Friday 18 May 2012
Published: 10/12/2011 08:00

Our miracle

KATIE BOWLER

AN overjoyed couple who tried for nine years to conceive a child have been given the best Christmas present they could wish for — a healthy baby girl.

Sarah Halliday, 33, and her husband Robert, 50, had virtually given up hope of becoming parents until IVF treatment, funded by her father-in-law’s inheritance money, worked at the first attempt.

The Horninglow couple started trying for a baby soon after they got married in 2002, but had one traumatic experience after another as Mrs Halliday repeatedly suffered ectopic pregnancies.

Mrs Halliday had her first ectopic pregnancy in November 2003, and another five months later.

Following three more years of trying to conceive, Mrs Halliday opted to have an operation to remove her fallopian tubes in a bid to increase her chances of conceiving. She had only one of her tubes removed but suffered another ectopic pregnancy in February 2009.

She told the Mail: “When Robert’s father was really ill he told us he wanted us to use his inheritance money to try IVF treatment.

“We tried it and were over the moon to discover it had been successful the first time. It’s like Robert’s mother and father were looking over us and it was meant to be.”

The couple started IVF treatment, with the help of specialists from Care Fertility in Nottingham, last Christmas and described it as the ‘best day of their lives’ when Mrs Halliday gave birth to Phoebe Betty — Betty the name of Robert’s mother — on October 5.

Proud mum Mrs Halliday said: “I never thought I’d be able to have children. She is a miracle.

“The last nine years have been so traumatic that we almost gave up hope, but it just goes to show that treatment can work. We were just incredibly lucky that it worked first time.

“An ectopic pregnancy is a devastating, stressful and upsetting thing to have to go through, especially three times, but people shouldn’t give up if they want a baby.

“It got to the point where I really couldn’t face it any more and I felt depressed and like I wasn’t a normal woman. It was making me feel a bit like a freak.”

The couple, who enjoy walking their dog, being outdoors and camping trips, said now Phoebe had arrived they had the perfect family, and this Christmas would be extra special.

Mrs Halliday, a civil servant, said: “During previous Christmases it’s felt like something has been missing, even though me and my husband are a strong unit. We are so excited about the future, watching her develop and grow. Every day she reaches new milestones and we feel absolutely blessed to have her.

“I still can’t believe she’s here after all this time. She is the most beautiful little girl.

“I hope my story can inspire others in the same position to keep trying and not to give up hope.”

 

ECTOPIC PREGNANCY — THE FACTS

DR Maha Ragunath, a consultant reproductive medicine specialist at Care Fertility in Nottingham, who helped Mr and Mrs Halliday, said an ectopic pregnancy happened when a fertilised egg implanted elsewhere in the pelvis, rather than the uterine cavity.

The chances are 11 per 1,000 pregnancies.

The commonest site for an ectopic is in the fallopian tubes.
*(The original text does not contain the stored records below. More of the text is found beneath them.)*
(* For every pair $1\le i<j<k$, the vector $\vec \alpha^{\{i,j\}}$ is an element of $\Lambda$.
   Context: Let $g\ge 2$, $k\ge 3$ be integers, $\mathbb Z_g$ the integers mod $g$, and $d=\binom{k}{2}(g-1)$. Index the coordinates of $\mathbb R^d$ by pairs $(\{i,j\},a)$ with $1\le i<j\le k$ and $a\in\mathbb Z_g\setminus\{0\}$. Define $Z:(\mathbb Z_g)^k\to\mathbb R^d$ by $[Z(\vec x)]_{\{i,j\},a}=1-1/g$ if $x_i-x_j=a$ and $-1/g$ otherwise. Define $\Phi(\vec\theta)=\sum_{\vec x\in(\mathbb Z_g)^k} g^{-k}e^{i\vec\theta\cdot Z(\vec x)}$ for $\vec\theta\in\mathbb R^d$, and $\Lambda=\{\vec\theta\in\mathbb R^d: |\Phi(\vec\theta)|=1\}$. Let $\mathbbm{1}_{\{i,j\},a}$ be the standard basis vector of $\mathbb R^d$ with a $1$ in coordinate $(\{i,j\},a)$. For $1\le i<j<k$ (strict inequality $j<k$) define \[ \vec \alpha^{\{i,j\}} = \sum_{n=1}^{g-1} \frac{2\pi n}{g} \mathbbm{1}_{\{i,j\},n}+ \sum_{n=1}^{g-1} \frac{2 \pi(g-n)}{g} \mathbbm{1}_{\{i,k\},n} + \sum_{n=1}^{g-1} \frac{2 \pi n}{g} \mathbbm{1}_{\{j,k\},n},\] where $n$ is an integer in $[1,g-1]$ except in the subscripts, where it denotes the corresponding element of $\mathbb Z_g$. *)

From HB Require Import structures.
From mathcomp Require Import all_boot all_order all_algebra.
From mathcomp Require Import all_classical all_reals.
From mathcomp Require Import trigo.
From mathcomp Require Import complex.

Set Implicit Arguments.
Unset Strict Implicit.
Unset Printing Implicit Defensive.

Import Order.TTheory GRing.Theory Num.Theory.
Local Open Scope ring_scope.

Definition pairIdx (k : nat) := {p : 'I_k * 'I_k | (p.1 < p.2)%N}.

Definition nzZg (g : nat) := {a : 'Z_g | a != 0}.

(* Coordinates of R^d, d = binom(k,2)(g-1): pairs ({i,j}, a). *)
Definition coord (g k : nat) := (pairIdx k * nzZg g)%type.

Section Defs.
Variable R : realType.

Definition Zvec (g k : nat) (x : {ffun 'I_k -> 'Z_g}) (c : coord g k) : R :=
  let i := (sval c.1).1 in
  let j := (sval c.1).2 in
  if x i - x j == sval c.2 then 1 - (g%:R)^-1 else - (g%:R)^-1.

Definition expi (t : R) : R[i] := (cos t +i* sin t)%C.

Definition dotp (g k : nat) (theta u : coord g k -> R) : R :=
  \sum_(c : coord g k) theta c * u c.

Definition Phi (g k : nat) (theta : coord g k -> R) : R[i] :=
  \sum_(x : {ffun 'I_k -> 'Z_g}) ((g%:R ^- k : R)%:C)%C * expi (dotp theta (Zvec x)).

Definition Lambda (g k : nat) : set (coord g k -> R) :=
  [set theta | `|Phi theta| = 1].

(* alpha^{i,j} for 0-based i < j < k-1; the paper's index k is k.-1 here. *)
Definition alpha (g k : nat) (i j : nat) (c : coord g k) : R :=
  let p := val (sval c.1).1 in
  let q := val (sval c.1).2 in
  let n := val (sval c.2) in
  if (p == i) && (q == j) then 2 * pi * n%:R / g%:R
  else if (p == i) && (q == k.-1) then 2 * pi * (g - n)%:R / g%:R
  else if (p == j) && (q == k.-1) then 2 * pi * n%:R / g%:R
  else 0.

End Defs.

(* Z(x) is the indicator of the events x_i - x_j = a, shifted by the constant
   -1/g.  Hence theta . Z(x) = theta . 1[x] - (sum theta)/g, and |Phi theta| = 1
   as soon as every theta . 1[x] lies in 2 pi Z: all g^k terms of Phi are then
   the same unit complex number.  For alpha = alpha^{i,j}, with u = x_i - x_j
   and w = x_j - x_k read as residues in [0, g), the only nonzero
   contributions sum to
   2 pi/g (u + w + (g - (u + w mod g))) (the middle term being absent when
   u + w = 0 mod g), which is a multiple of 2 pi. *)

From Pilot Require Import Defs.
From HB Require Import structures.
From mathcomp Require Import all_boot all_order all_algebra.
From mathcomp Require Import all_classical all_reals.
From mathcomp Require Import trigo.
From mathcomp Require Import complex.
From mathcomp Require Import ring.

Set Implicit Arguments.
Unset Strict Implicit.
Unset Printing Implicit Defensive.

Import Order.TTheory GRing.Theory Num.Theory.
Local Open Scope ring_scope.
Local Open Scope classical_set_scope.

Lemma dvdn_add_compl_mod (n d : nat) :
  (0 < d)%N -> (d %| n + (if n %% d == 0 then 0 else d - n %% d))%N.
Proof.
move=> d_gt0; case: eqP => [mod0|_]; first by rewrite addn0 /dvdn mod0.
have le_mod : (n %% d <= d)%N by rewrite ltnW ?ltn_mod.
by rewrite {1}(divn_eq n d) -addnA subnKC // -mulSnr dvdn_mull.
Qed.

Section UnitModulus.
Variables (R : realType) (g k : nat).
Hypothesis g_gt1 : (1 < g)%N.

Definition diff_indicator (x : {ffun 'I_k -> 'Z_g}) (c : Defs.coord g k) : R :=
  if x (sval c.1).1 - x (sval c.1).2 == sval c.2 then 1 else 0.

Lemma Zvec_diff_indicator x c : Zvec R x c = diff_indicator x c - (g%:R)^-1.
Proof. by rewrite /Zvec /diff_indicator; case: ifP; rewrite ?sub0r. Qed.

Lemma dotp_Zvec (theta : Defs.coord g k -> R) x :
  dotp theta (Zvec R x) = dotp theta (diff_indicator x) - (\sum_c theta c) / g%:R.
Proof.
rewrite /dotp mulr_suml -sumrB; apply: eq_bigr => c _.
by rewrite Zvec_diff_indicator mulrBr.
Qed.

Lemma expi_periodicn (t : R) m : expi (t + (pi *+ 2) *+ m) = expi t.
Proof. by rewrite /expi (periodicn (@cosD2pi R)) (periodicn (@sinD2pi R)). Qed.

Lemma norm_expi (t : R) : `|expi t| = 1.
Proof. by rewrite normc_def /= cos2Dsin2 sqrtr1. Qed.

Lemma Phi_const (theta : Defs.coord g k -> R) (e : R[i]) :
  (forall x, expi (dotp theta (Zvec R x)) = e) -> Phi theta = e.
Proof.
move=> theta_e; rewrite /Phi (eq_bigr (fun=> ((g%:R ^- k : R)%:C)%C * e)) => [|x _]; last first.
  by rewrite theta_e.
rewrite sumr_const card_ffun !card_ord (Zp_cast g_gt1) -mulrnAl -rmorphMn.
have g_neq0 : g%:R != 0 :> R by rewrite pnatr_eq0 -lt0n ltnW.
by rewrite -mulr_natr natrX mulVf ?expf_neq0 // rmorph1 mul1r.
Qed.

Lemma mem_Lambda_2pi_multiples (theta : Defs.coord g k -> R) :
  (forall x, exists m, dotp theta (diff_indicator x) = (pi *+ 2) *+ m) ->
  theta \in @Lambda R g k.
Proof.
move=> theta_2pi; apply: mem_set.
rewrite /Lambda /= (@Phi_const _ (expi (- ((\sum_c theta c) / g%:R)))) ?norm_expi // => x.
by rewrite dotp_Zvec; have [m ->] := theta_2pi x; rewrite addrC expi_periodicn.
Qed.

Lemma sum_pair_diff_indicator (P : pairIdx k) (F : 'Z_g -> R) x :
  \sum_c (if c.1 == P then F (sval c.2) else 0) * diff_indicator x c =
  if x (sval P).1 - x (sval P).2 == 0 then 0 else F (x (sval P).1 - x (sval P).2).
Proof.
pose E p a := (if p == P then F (sval a) else 0) * diff_indicator x (p, a).
rewrite -(pair_big xpredT xpredT E) (bigD1 P) //= [X in _ + X]big1 ?addr0; last first.
  by move=> p /negbTE ne_pP; apply: big1 => a _; rewrite /E ne_pP mul0r.
rewrite /E /diff_indicator /= eqxx; set d := _ - _.
case: eqP => [->|/eqP d_neq0].
  by apply: big1 => -[a a_neq0] _; rewrite /= eq_sym (negbTE a_neq0) mulr0.
rewrite (bigD1 (exist _ d d_neq0)) //= !eqxx mulr1 big1 ?addr0 // => -[a a_neq0] /= a_neq.
case: eqP => [d_a|]; last by rewrite mulr0.
by case/eqP: a_neq; apply: val_inj; rewrite /= d_a.
Qed.

Lemma val_Zp_add (u w : 'Z_g) : val (u + w) = ((val u + val w) %% g)%N.
Proof. by rewrite /=; congr (_ %% _)%N; apply: Zp_cast. Qed.

End UnitModulus.

Section Alpha.
Variables (R : realType) (g k i j : nat).
Hypotheses (g_gt1 : (1 < g)%N) (lt_ij : (i < j)%N) (lt_j_last : (j < k.-1)%N).

Let lt_last : (k.-1 < k)%N. Proof. by case: k lt_j_last. Qed.
Let lt_j : (j < k)%N. Proof. exact: ltn_trans lt_last. Qed.
Let lt_i : (i < k)%N. Proof. exact: ltn_trans lt_j. Qed.
Let lt_i_last : (i < k.-1)%N. Proof. exact: ltn_trans lt_j_last. Qed.

Let P_ij : pairIdx k := exist _ (Ordinal lt_i, Ordinal lt_j) lt_ij.
Let P_ik : pairIdx k := exist _ (Ordinal lt_i, Ordinal lt_last) lt_i_last.
Let P_jk : pairIdx k := exist _ (Ordinal lt_j, Ordinal lt_last) lt_j_last.

Definition angle (n : nat) : R := 2 * pi * n%:R / g%:R.

Lemma alpha_decomp (c : Defs.coord g k) :
  alpha R i j c =
    (if c.1 == P_ij then angle (val (sval c.2)) else 0) +
    (if c.1 == P_ik then angle (g - val (sval c.2)) else 0) +
    (if c.1 == P_jk then angle (val (sval c.2)) else 0).
Proof.
case: c => -[[p q] lt_pq] a; rewrite /alpha /angle /=.
rewrite -!(inj_eq val_inj) /= !xpair_eqE -!(inj_eq val_inj) /=.
have [-> | ne_pi] /= := eqVneq (val p) i; last by rewrite !add0r.
rewrite (ltn_eqF lt_ij) /= addr0.
have [-> | _] := eqVneq (val q) j; last by rewrite add0r.
by rewrite (ltn_eqF lt_j_last) addr0.
Qed.

Lemma dotp_alpha_diff_indicator (x : {ffun 'I_k -> 'Z_g}) :
  exists m, dotp (alpha R i j) (diff_indicator R x) = (pi *+ 2) *+ m.
Proof.
have angle_nz (d : 'Z_g) : (if d == 0 then 0 else angle (val d)) = angle (val d).
  by case: eqP => // ->; rewrite /angle mulr0 mul0r.
set u := x (sval P_ij).1 - x (sval P_ij).2.
set w := x (sval P_jk).1 - x (sval P_jk).2.
have u_add_w : x (sval P_ik).1 - x (sval P_ik).2 = u + w by rewrite /u /w /= addrA subrK.
rewrite /dotp; under eq_bigr do rewrite alpha_decomp !mulrDl.
rewrite !big_split /= (sum_pair_diff_indicator P_ij (fun d => angle (val d))).
rewrite (sum_pair_diff_indicator P_ik (fun d => angle (g - val d))).
rewrite (sum_pair_diff_indicator P_jk (fun d => angle (val d))) -/u -/w u_add_w !angle_nz.
rewrite -[u + w == 0]/(val (u + w)%R == 0)%N (val_Zp_add g_gt1).
set n := (val u + val w)%N; set N := (n + (if n %% g == 0 then 0 else g - n %% g))%N.
exists (N %/ g)%N.
have g_neq0 : g%:R != 0 :> R by rewrite pnatr_eq0 -lt0n ltnW.
have N_eq : N = (N %/ g * g)%N by rewrite divnK // dvdn_add_compl_mod // ltnW.
transitivity (angle N); last by rewrite /angle {1}N_eq -mulrnA -mulr_natr !natrM; field.
by rewrite /N /angle; case: eqP => _; rewrite !natrD /=; field.
Qed.

End Alpha.

Theorem proposition2p8 (R : realType) (g k : nat) (hg : (2 <= g)%N) (hk : (3 <= k)%N)
  (i j : nat) (hij : (i < j)%N) (hjk : (j < k.-1)%N) :
  (@alpha R g k i j) \in (@Lambda R g k).
Proof.
(* [hk] is redundant: [i < j < k.-1] already forces [3 <= k]. *)
apply: (mem_Lambda_2pi_multiples hg) => x.
exact: dotp_alpha_diff_indicator hg hij hjk x.
Qed.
Rarely, they occur in the ovaries, abdomen or cervix.

Dr Ragunath said: “Because the embryo has implanted in the wrong place, it does not allow normal growth or a successful ongoing pregnancy. If left untreated it can result in life-threatening blood loss.
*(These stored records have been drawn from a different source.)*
(* For $k=1,2,\dots$ let $f_k(x)=x+(-1)^k e^{e^k}$ and $p_k=\frac1k-\frac1{k+1}=\frac{1}{k(k+1)}$, and let $\mu$ be the probability measure on $\mathrm{Homeo}_+(\mathbb{R})$ with $\mu(\{f_k\})=p_k$. Then for every $x\in\mathbb{R}$ and every compact interval $J\subset\mathbb{R}$, almost surely $F_n(x)\in J$ for only finitely many $n$. The same conclusion holds if each $f_k$ is replaced by a map $\tilde f_k:\mathbb{R}\to\mathbb{R}$ (chosen with the same probability $p_k$) such that $\sup_{k\ge1}\sup_{x\in\mathbb{R}}|\tilde f_k(x)-f_k(x)|<\infty$.
   Context: Given the maps and probabilities, let $g_1,g_2,\dots$ be i.i.d. random maps, with $g_n$ equal to the $k$-th map with probability $p_k$, and $F_n=g_n\circ\cdots\circ g_1$. *)

From HB Require Import structures.
From mathcomp Require Import all_boot all_order all_algebra.
From mathcomp Require Import all_classical all_reals all_analysis.
Set Implicit Arguments. Unset Strict Implicit. Unset Printing Implicit Defensive.
Import Order.TTheory GRing.Theory Num.Theory.
Local Open Scope classical_set_scope.
Local Open Scope ring_scope.

Definition fstep (R : realType) (k : nat) (x : R) : R :=
  x + (-1) ^+ k * expR (expR k%:R).

(* p_k = 1/(k(k+1)); note p_0 = 0 since 0^-1 = 0 in MathComp *)
Definition pk (R : realType) (k : nat) : R := (k%:R * k.+1%:R)^-1.

(* xi : nat -> T -> nat is an i.i.d. sequence with law P(xi_i = k) = p_k:
   each event [xi_i = k] is measurable and for every n and every choice
   ks, P(xi_0 = ks 0, ..., xi_{n-1} = ks (n-1)) = prod_{i<n} p_{ks i}. *)
Definition iid_law d (T : measurableType d) (R : realType)
  (P : probability T R) (xi : nat -> T -> nat) : Prop :=
  (forall i k, measurable [set w | xi i w = k]) /\
  (forall (n : nat) (ks : nat -> nat),
     P (\bigcap_(i in [set i | (i < n)%N]) [set w | xi i w = ks i])
     = (\prod_(i < n) pk R (ks i))%:E).

(* F_n = g_n o ... o g_1, where g_{i+1} = maps (xi i); F_0 = id *)
Fixpoint Fcomp d (T : measurableType d) (R : realType)
  (maps : nat -> R -> R) (xi : nat -> T -> nat) (n : nat) (x : R) (w : T) : R :=
  match n with
  | 0 => x
  | m.+1 => maps (xi m w) (Fcomp maps xi m x w)
  end.

From HB Require Import structures.
From mathcomp Require Import all_boot all_order all_algebra.
From mathcomp Require Import all_classical all_reals all_analysis.
From mathcomp Require Import ring lra.
Import Order.TTheory GRing.Theory Num.Theory.
Set Implicit Arguments. Unset Strict Implicit. Unset Printing Implicit Defensive.
Local Open Scope classical_set_scope.
Local Open Scope ring_scope.

(* Write E_k = exp(exp k), so that f_k(x) = x + (-1)^k E_k.  If each map
   used is within C of the corresponding f_k, then
       F_n(x) = x + sum_{i<n} ((-1)^{xi_i} E_{xi_i} + e_i),   |e_i| <= C.
   Since E_{K+1} >= E_K^2, the largest jump of such a sum dominates all the
   others together (dominant_sum).  Cut the time axis into the blocks
   [j(j+1), (j+1)(j+2)).  By the i.i.d. law, the event "xi_i <= j for every
   i < j(j+1)" has probability (j/(j+1))^{j(j+1)} <= 2^{-j}, so by
   Borel-Cantelli, almost surely, for all large j some i < j(j+1) has
   xi_i > j (ae_eventually_exceeds); also xi_i >= 1 almost surely, since
   p_0 = 0 (ae_xi_pos).  For n in block j the sum then contains a jump E_K
   with K > j, and E_{K-1} >= E_j grows much faster than the block length,
   so F_n(x) is far from x for all large n (escape_pathwise).  The theorem
   is this pathwise statement applied on the almost sure event; the
   unperturbed maps f_k are the case C = 0. *)

Section Tower.
Variable R : realType.

Definition tower (k : nat) : R := expR (expR k%:R).

Definition jump (k : nat) : R := (-1) ^+ k * tower k.

Lemma fstepE (k : nat) (x : R) : fstep k x = x + jump k.
Proof. by []. Qed.

Lemma tower_ge0 (k : nat) : 0 <= tower k.
Proof. exact: expR_ge0. Qed.

Lemma tower_ge1 (k : nat) : 1 <= tower k.
Proof. by rewrite /tower -expR0 ler_expR expR_ge0. Qed.

Lemma tower_homo : {homo tower : k l / (k <= l)%N >-> k <= l}.
Proof. by move=> k l kl; rewrite /tower !ler_expR ler_nat. Qed.

Lemma norm_jump (k : nat) : `|jump k| = tower k.
Proof. by rewrite normrM normr_sign mul1r ger0_norm // tower_ge0. Qed.

(* Each jump is at least the square of the previous one, since e >= 2. *)
Lemma tower_sq (k : nat) : tower k ^+ 2 <= tower k.+1.
Proof.
rewrite /tower expr2 -expRD ler_expR -addn1 natrD expRD.
have e2 : 2 <= expR (1 : R) by have := expR_ge1Dx (1 : R); lra.
have := expR_ge0 (k%:R : R); nra.
Qed.

(* A cubic lower bound: E_j >= 1 + exp(j)^3/6 >= (j+1)^3/6. *)
Lemma tower_ge_cube (j : nat) : j.+1%:R ^+ 3 / 6 <= tower j.
Proof.
have hcube := expR_ge1Dxn 2 (expR_ge0 (j%:R : R)).
have hlin : j.+1%:R <= expR (j%:R : R) by rewrite -addn1 natrD addrC expR_ge1Dx.
have hpow : j.+1%:R ^+ 3 <= expR (j%:R : R) ^+ 3.
  by apply: lerXn2r; rewrite ?nnegrE ?ler0n ?expR_ge0.
rewrite /tower; move: hcube; rewrite (_ : (3`!)%:R = 6 :> R) //; lra.
Qed.

(* If the largest index among n signed jumps is K+1, their sum has size at
   least E_{K+1} - n E_K: the top jumps all have the same sign. *)
Lemma top_jump_dominates (n : nat) (k : nat -> nat) (K : nat) (i1 : 'I_n) :
  (forall i : 'I_n, (k i <= K.+1)%N) -> k i1 = K.+1 ->
  tower K.+1 - n%:R * tower K <= `|\sum_(i < n) jump (k i)|.
Proof.
move=> kK ki1; rewrite (bigID (fun i : 'I_n => k i == K.+1)) /=.
set Stop := \sum_(i < n | _) _; set Srest := \sum_(i < n | _) _.
have hStop : tower K.+1 <= `|Stop|.
  rewrite /Stop (eq_bigr (fun=> jump K.+1)); last by move=> i /eqP ->.
  rewrite -mulr_sumr normrM normr_sign mul1r ger0_norm; last first.
    by apply: sumr_ge0 => i _; exact: tower_ge0.
  rewrite (bigD1 i1) /= ?ki1 // lerDl.
  by apply: sumr_ge0 => i _; exact: tower_ge0.
have hSrest : `|Srest| <= n%:R * tower K.
  apply: le_trans (ler_norm_sum _ _ _) _.
  apply: (@le_trans _ _ (\sum_(i < n) tower K));
    last by rewrite sumr_const card_ord mulr_natl.
  rewrite big_mkcond /=; apply: ler_sum => i _.
  case: ifPn => [hi|_]; last exact: tower_ge0.
  by rewrite norm_jump; apply: tower_homo; rewrite -ltnS ltn_neqAle hi kK.
have := lerB_normD Stop Srest; lra.
Qed.

Lemma dominant_sum (n : nat) (k : nat -> nat) (e : nat -> R) (C L : R)
    (j : nat) (i0 : 'I_n) :
  0 <= C -> 0 <= L -> (forall i, `|e i| <= C) -> (j < k i0)%N ->
  2 * L + n%:R * (1 + C) + 1 <= tower j ->
  L < `|\sum_(i < n) (jump (k i) + e i)|.
Proof.
move=> C0 L0 eC jk hj.
have n_gt0 : (0 < #|'I_n|)%N by rewrite card_ord (leq_ltn_trans _ (ltn_ord i0)).
have [imax kmax] := bigop.eq_bigmax (fun i : 'I_n => k i) n_gt0.
have kle : forall i : 'I_n, (k i <= k imax)%N by move=> i; rewrite -kmax leq_bigmax.
have jK : (j < k imax)%N := leq_trans jk (kle i0).
case kiK: (k imax) kle jK => [//|K] kle jK.
have htop := top_jump_dominates kle kiK.
have herr : `|\sum_(i < n) e i| <= n%:R * C.
  apply: le_trans (ler_norm_sum _ _ _) _.
  apply: (@le_trans _ _ (\sum_(i < n) C)); first exact: ler_sum.
  by rewrite sumr_const card_ord mulr_natl.
have hjK : tower j <= tower K by apply: tower_homo.
have hsq := tower_sq K; have h1 := tower_ge1 K.
have := lerB_normD (\sum_(i < n) jump (k i)) (\sum_(i < n) e i).
rewrite -big_split /=; set y := tower K in hjK hsq h1 htop *.
have hn : 0 <= (n%:R : R) by [].
have : 0 <= (y - 1) * (y - n%:R * (1 + C) - L) by apply: mulr_ge0; lra.
have : 0 <= n%:R * C * (y - 1) by apply: mulr_ge0; [apply: mulr_ge0|lra].
have : 0 <= L * (y - 1) by apply: mulr_ge0; lra.
nra.
Qed.

Lemma tower_dominates_blocks (L C : R) : 0 <= L -> 0 <= C ->
  exists J0 : nat, forall j : nat, (J0 <= j)%N ->
    2 * L + (j.+1 * j.+2)%N%:R * (1 + C) + 1 <= tower j.
Proof.
move=> L0 C0; set D : R := 12 * L + 12 * (1 + C) + 6.
have D0 : 0 <= D by rewrite /D; lra.
exists (Num.Def.archi_bound D) => j hj.
have hu : D < j.+1%:R.
  by apply: lt_le_trans (archi_boundP D0) _; rewrite ler_nat ltnW.
set u : R := j.+1%:R in hu.
have hcube := tower_ge_cube j; rewrite -/u in hcube.
have -> : ((j.+1 * j.+2)%N%:R : R) = u * (u + 1).
  by rewrite natrM -[j.+2]addn1 natrD.
have u1 : 1 <= u by rewrite /u ler1n.
have f1 : 0 <= (u - D) * (u * u) by apply: mulr_ge0; nra.
have f2 : 0 <= L * (u * u - 1) by apply: mulr_ge0; nra.
have f3 : 0 <= (1 + C) * (u * u - u) by apply: mulr_ge0; nra.
rewrite /D in f1; nra.
Qed.

End Tower.

Lemma block_of (n : nat) : exists j, (j * j.+1 <= n < j.+1 * j.+2)%N.
Proof.
elim: n => [|n [j /andP [lo hi]]]; first by exists 0%N.
have [n_hi|n_lo] := ltnP n.+1 (j.+1 * j.+2); first by exists j; rewrite n_hi leqW.
exists j.+1; have -> : n.+1 = (j.+1 * j.+2)%N by apply/eqP; rewrite eqn_leq hi n_lo.
by rewrite leqnn /= [X in (X < _)%N]mulnC ltn_pmul2l // ltnS leqnSn.
Qed.

Lemma itv_dist (R : realType) (x a b y : R) :
  y \in `[a, b] -> `|y - x| <= `|x| + `|a| + `|b|.
Proof.
rewrite in_itv /= => /andP [ay yb].
have := ler_normD y (- x); rewrite normrN.
have : `|y| <= `|a| + `|b|.
  rewrite ler_norml; have := ler_norm b; have := ler_norm (- a); rewrite normrN.
  by have := normr_ge0 a; have := normr_ge0 b => *; apply/andP; split; lra.
lra.
Qed.

Section Pathwise.
Variables (R : realType) (d : measure_display) (T : measurableType d)
  (xi : nat -> T -> nat) (ft : nat -> R -> R).

Lemma Fcomp_sum (x : R) (w : T) (n : nat) :
  Fcomp ft xi n x w = x + \sum_(i < n) (jump R (xi i w) +
    (ft (xi i w) (Fcomp ft xi i x w) - fstep (xi i w) (Fcomp ft xi i x w))).
Proof.
elim: n => [|n IH]; first by rewrite big_ord0 addr0.
by rewrite big_ord_recr /= addrA -IH fstepE; ring.
Qed.

Variable C : R.
Hypothesis ftC : forall (k : nat) (y : R), (1 <= k)%N -> `|ft k y - fstep k y| <= C.

Lemma escape_pathwise (w : T) (x a b : R) :
  (forall i, (0 < xi i w)%N) ->
  (exists J, forall j, (J <= j)%N -> exists2 i, (i < j * j.+1)%N & (j < xi i w)%N) ->
  finite_set [set n : nat | (0 < n)%N /\ Fcomp ft xi n x w \in `[a, b]].
Proof.
move=> xi_pos [J large].
have C0 : 0 <= C by apply: le_trans (ftC 0 (leqnn 1)).
set L := `|x| + `|a| + `|b|.
have L0 : 0 <= L by rewrite /L !addr_ge0.
have [J0 hJ0] := tower_dominates_blocks L0 C0.
set J1 := maxn J J0.
apply: (sub_finite_set _ (finite_II (J1 * J1.+1))) => n [_ Fn] /=.
rewrite ltnNge; apply/negP => n_big.
have [j /andP [lo hi]] := block_of n.
have J1j : (J1 <= j)%N.
  rewrite leqNgt; apply/negP => jJ1.
  by have := leq_trans hi (leq_trans (leq_mul jJ1 (jJ1 : (j.+2 <= J1.+1)%N)) n_big); rewrite ltnn.
have [i ij ji] := large j (leq_trans (leq_maxl _ _) J1j).
have hE : 2 * L + n%:R * (1 + C) + 1 <= tower R j.
  apply: le_trans (hJ0 j (leq_trans (leq_maxr _ _) J1j)).
  have : (n%:R : R) <= (j.+1 * j.+2)%N%:R by rewrite ler_nat ltnW.
  by move=> ?; rewrite lerD2r lerD2l ler_wpM2r //; lra.
have := dominant_sum (k := fun i => xi i w)
  (e := fun i => ft (xi i w) (Fcomp ft xi i x w) - fstep (xi i w) (Fcomp ft xi i x w))
  (i0 := Ordinal (leq_trans ij lo)) C0 L0 (fun i => ftC _ (xi_pos i)) ji hE.
have := itv_dist x Fn; rewrite Fcomp_sum addrAC subrr add0r -/L; lra.
Qed.

End Pathwise.

Lemma measure_fin_disjoint_union d (T : measurableType d) (R : realType)
    (mu : {measure set T -> \bar R}) (I : finType) (F : I -> set T) :
  (forall i, measurable (F i)) -> trivIset setT F ->
  mu (\bigcup_i F i) = (\sum_(i : I) mu (F i))%E.
Proof.
move=> mF tF; rewrite measure_fin_bigcup //; last exact: finite_finset.
rewrite (fsbigE (index_enum I)) ?index_enum_uniq //=; last first.
  by move=> i _; rewrite mem_index_enum.
by apply: eq_bigl => i; rewrite in_setT.
Qed.

(* The partial sums of p_k telescope: sum_{k <= M} p_k = M/(M+1). *)
Lemma sum_pk (R : realType) (M : nat) : \sum_(k < M.+1) pk R k = M%:R / M.+1%:R.
Proof.
elim: M => [|M IH]; first by rewrite big_ord1 /pk mul0r invr0 mul0r.
rewrite big_ord_recr /= IH /pk -[M.+2]addn1 -[M.+1]addn1 !natrD.
have M0 : (0 : R) <= M%:R by [].
by field; rewrite !lt0r_neq0 //; lra.
Qed.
“Early diagnosis and treatment is essential.

“Treatment can be conservative or surgical, depending on the size of the ectopic and severity of symptoms. Surgical treatment is the commonest form of treatment in most cases.”

Dr Ragunath said the symptoms can range from abnormal vaginal bleeding, lower abdominal pain, dizziness or light-headedness from blood loss.

“The rupture of an ectopic pregnancy can also cause severe crampy abdominal pain and shoulder tip pain. Though the incidence in the population is approximately 0.5 to one per cent of pregnancies may become ectopic, this rises to five per cent after assisted conception.

“In women with tubal damage either following surgery or pelvic inflammatory disease, the incidence rises to 20-30 per cent.

“There is good evidence to support the removal of damaged tubes prior to fertility treatment, reducing the risk of an ectopic pregnancy in the future.

“Removing damaged tubes also prevents toxic fluid reaching the uterine cavity, which could decrease the chances of embryos implanting after IVF.”